# G4003G Cross Slide Removal



## epanzella (Aug 4, 2013)

Does anyone know the proper way to remove a cross slide from a G4003G? There's a big vertical setscrew in the middle of the cross slide presumably into the nut on the lead screw. There's a smaller horizontal setscrew going in on the left side of the slide. I'll wing it if I have to but some words of wisdom would be appreciated. I want to tap some holes on my drill press for a milling attachment I'm building and a more substantial cross slide lock.
Thanks,
Ed P


----------



## raross61 (Aug 5, 2013)

epanzella said:


> Does anyone know the proper way to remove a cross slide from a G4003G? There's a big vertical setscrew in the middle of the cross slide presumably into the nut on the lead screw. There's a smaller horizontal setscrew going in on the left side of the slide. I'll wing it if I have to but some words of wisdom would be appreciated. I want to tap some holes on my drill press for a milling attachment I'm building and a more substantial cross slide lock.
> Thanks,
> Ed P



Ed,

I also want to do this same procedure, on my G4003G so I for sure will me watching this thread! I also am considering removing the stop, for the rearward cross slide travel! I am the only one running my lathe so I am pretty careful, the large lathe at work if you are not careful you can run the slide right off the nut, but I say if it wasn't allowed to run off, it would damage some gearing!
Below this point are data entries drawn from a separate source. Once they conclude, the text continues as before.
Lemma cauchy_schwarz_step A X P d p : 0 <= X -> 0 <= P -> 0 < p -> A ^ 2 <= X * P ->
  (A + d) ^ 2 <= (d ^ 2 / p + X) * (p + P).
Proof.
  intros HX HP Hp H.
  assert (2 * (A * d) <= d ^ 2 * P / p + X * p).
  { assert (0 <= d ^ 2) by apply pow2_ge_0.
    assert (0 < / p) by (apply Rinv_0_lt_compat; lra).
    apply two_mul_le_add_of_sqr_le.
    - unfold Rdiv. apply Rmult_le_pos; [apply Rmult_le_pos|]; lra.
    - apply Rmult_le_pos; lra.
    - replace (d ^ 2 * P / p * (X * p)) with (d ^ 2 * (X * P)) by (field; lra).
      replace (A * d * (A * d)) with (d ^ 2 * A ^ 2) by ring.
      apply Rmult_le_compat_l; lra. }
  replace ((d ^ 2 / p + X) * (p + P)) with (d ^ 2 + d ^ 2 * P / p + X * p + X * P)
    by (field; lra).
  nra.
Qed.

Lemma sqr_le_sumR_range_CS (g p : nat -> R) N j :
  (forall k, (k < N)%nat -> 0 < p k) -> g N = 0 -> (j <= N)%nat ->
  g j ^ 2 <= sumR_range (fun k => (g k - g (S k)) ^ 2 / p k) j N * sumR_range p j N.
Proof.
  intros Hp HgN. remember (N - j)%nat as r eqn:Hr. revert j Hr.
  induction r as [|r IH]; intros j Hr Hj.
  - replace j with N by lia. rewrite HgN, !sumR_range_end by lia. lra.
  - rewrite !(sumR_range_step _ N j) by lia.
    replace (g j ^ 2) with ((g (S j) + (g j - g (S j))) ^ 2) by (f_equal; ring).
    apply cauchy_schwarz_step; [| |apply Hp; lia|apply IH; lia].
    + apply sumR_range_nonneg. intros k Hk.
      pose proof (Hp k ltac:(lia)). apply Rmult_le_pos; [apply pow2_ge_0|].
      left; apply Rinv_0_lt_compat; lra.
    + apply sumR_range_nonneg. intros k Hk. left; apply Hp; lia.
Qed.

Section Hardy.

Variables (N : nat) (m w : nat -> R) (delta : R).
Hypotheses (hm : forall j, 0 < m j) (hw : forall k, 0 < w k)
  (hdelta : forall n, (n < N)%nat -> sumR m (S n) * sumR_range w n N <= delta).

(* Muckenhoupt's argument: Cauchy-Schwarz with the weights [w k / sqrt_tail k], whose
   tail sums are at most [2 * sqrt_tail j] because
   [w k = sqrt_tail k ^ 2 - sqrt_tail (S k) ^ 2]. *)
Let sqrt_tail j := sqrt (sumR_range w j N).

Lemma tail_nonneg j : 0 <= sumR_range w j N.
Proof. apply sumR_range_nonneg. intros k _. left; apply hw. Qed.

Lemma sqrt_tail_sqr j : sqrt_tail j * sqrt_tail j = sumR_range w j N.
Proof. apply sqrt_sqrt, tail_nonneg. Qed.

Lemma sqrt_tail_pos j : (j < N)%nat -> 0 < sqrt_tail j.
Proof.
  intros Hj. apply sqrt_lt_R0. rewrite sumR_range_step by auto.
  pose proof (hw j). pose proof (tail_nonneg (S j)). lra.
Qed.

Lemma sumR_range_w_div_sqrt_tail_le j : (j <= N)%nat ->
  sumR_range (fun k => w k / sqrt_tail k) j N <= 2 * sqrt_tail j.
Proof.
  intros Hj.
  apply Rle_trans with (sumR_range (fun k => 2 * (sqrt_tail k - sqrt_tail (S k))) j N).
  - apply sumR_range_le. intros k Hk. pose proof (sqrt_tail_pos k ltac:(lia)).
    assert (Hw : w k = sqrt_tail k * sqrt_tail k - sqrt_tail (S k) * sqrt_tail (S k))
      by (rewrite !sqrt_tail_sqr, (sumR_range_step w N k) by lia; ring).
    assert (sqrt_tail (S k) <= sqrt_tail k).
    { apply sqrt_le_1_alt. rewrite (sumR_range_step w N k) by lia. pose proof (hw k). lra. }
    apply (Rmult_le_reg_r (sqrt_tail k)); auto.
    replace (w k / sqrt_tail k * sqrt_tail k) with (w k) by (field; lra). rewrite Hw.
    assert (0 <= sqrt_tail (S k)) by apply sqrt_pos.
    pose proof (sqr_sub_sqr_le (sqrt_tail k) (sqrt_tail (S k))). lra.
  - rewrite sumR_range_scal, sumR_range_telescope by auto.
    unfold sqrt_tail at 2. rewrite sumR_range_end, sqrt_0 by lia. lra.
Qed.
(* Let $(D,V)$ be an admissible pair, $E,\alpha$ as below, and $\beta\in\mathbb{R}$ with $|\beta+\alpha|\le\tau(E)$. Then $V_\beta C^\infty(D)$ is a closed subspace of $C^\infty(D)$, and every $\varphi\in(V_\beta C^\infty(D))^\perp$ satisfies $(\mathcal{W}\varphi)(z)=ce^{i\beta z}$ for all $z\in\mathbb{C}$, for some constant $c\in\mathbb{C}$.
   Context: Let $H$ be a separable complex Hilbert space. A pair $(D,V)$ of operators is called admissible if: (i) $D:\mathscr{D}(D)\subset H\to H$ is a densely defined closed linear operator; (ii) $\dim\ker D=1$; (iii) $D$ has a self-adjoint restriction with compact resolvent; (iv) $V:H\to H$ is a compact operator with $\sigma(V)=\{0\}$; (v) $\operatorname{Ran}V\subset\mathscr{D}(D)$ and $DV=I$. Fix $0\neq\phi_0\in\ker D$ and put $\phi_\lambda=(I-\lambda V)^{-1}\phi_0$ for $\lambda\in\mathbb{C}$. The generalized Fourier transform is $(\mathcal{W}x)(\lambda)=\langle x,\phi_{\bar\lambda}\rangle_H$; $\mathcal{W}H$ is a Hilbert space of entire functions with norm $\|\mathcal{W}x\|:=\|x\|_H$. A Hermite–Biehler (HB) function is an entire $E$ with $|E(z)|>|E(\bar z)|$ for $z\in\mathbb{C}_+$; $\mathcal{H}(E)$ is the space of entire $f$ with $f/E,f^\#/E\in H^2(\mathbb{C}_+)$ ($f^\#(z)=\overline{f(\bar z)}$), normed by $\|f/E\|_{L^2(\mathbb{R})}$; $E$ is regular if $1/((z+i)E)\in H^2(\mathbb{C}_+)$; $\tau(f)=\limsup_{|z|\to\infty}\log|f(z)|/|z|$. It is known that there exist a regular HB function $E$ with no real zeros and $\alpha\in\mathbb{R}$ such that $f\mapsto e^{i\alpha z}f$ is a unitary map of $\mathcal{W}H$ onto $\mathcal{H}(E)$; fix such $E$ and $\alpha$. For $\beta\in\mathbb{R}$ with $|\beta+\alpha|\le\tau(E)$, the function $(1-e^{i\beta z})/z$ lies in $\mathcal{W}H$; set $x_\beta=\mathcal{W}^{-1}\big((1-e^{i\beta z})/z\big)$ and $V_\beta u=Vu+\langle u,x_\beta\rangle\phi_0$ for $u\in H$. Let $\mathscr{D}(D^1)=\mathscr{D}(D)$, $\mathscr{D}(D^n)=\{x\in\mathscr{D}(D^{n-1}):D^{n-1}x\in\mathscr{D}(D)\}$, and $C^\infty(D)=\bigcap_{n\ge1}\mathscr{D}(D^n)$, a Fréchet space with the metric $d(x,y)=\sum_{j\ge0}2^{-j}\frac{\|D^jx-D^jy\|_H}{1+\|D^jx-D^jy\|_H}$; $D$ and $V_\beta$ act continuously on it. For $\varphi\in(C^\infty(D))'$ set $(\mathcal{W}\varphi)(z)=\overline{\varphi(\phi_{\bar z})}$; $\mathcal{M}^\perp$ denotes the set of continuous functionals vanishing on $\mathcal{M}$. *)

From HB Require Import structures.
From mathcomp Require Import all_boot all_order all_algebra.
From mathcomp Require Import complex.
From mathcomp Require Import all_classical all_reals all_analysis.
Import numFieldNormedType.Exports.
Import Order.TTheory GRing.Theory Num.Theory.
I have done some large 9" bushings on mine, and I know I was close to the end stop, and my gut feeling is, I would rather have it run off the crossslide shaft, rather than break my gear train! Just my 2 cents! 


Bob in Oregon


----------



## Richard King (Aug 5, 2013)

I just  looked at the Grizzly site and looked at a manual for the machine.  If I were you I would take pictures before and during disassembly so when you put it back together your memory can be enhanced...lol

Those nut screws above are for a backlash wedge.  You can probably leave them alone if you have never taken up the nut.  If you have I would loosen it because as the nut gets to the end with no wear it will get tight.  You can remove the gib and mark a plastic bag and put in the gib screw and gib  and crank the cross-slide off the back.  If you ahve a taper attachment  You will have to remove it first.  The screw coming from the right-side I believe is the cross-slide clamp screw.  There might e a short wedge shaped shaft that is in front of the lock screw that presses against the gib.

Take some pictures and post them here please.
Rich


----------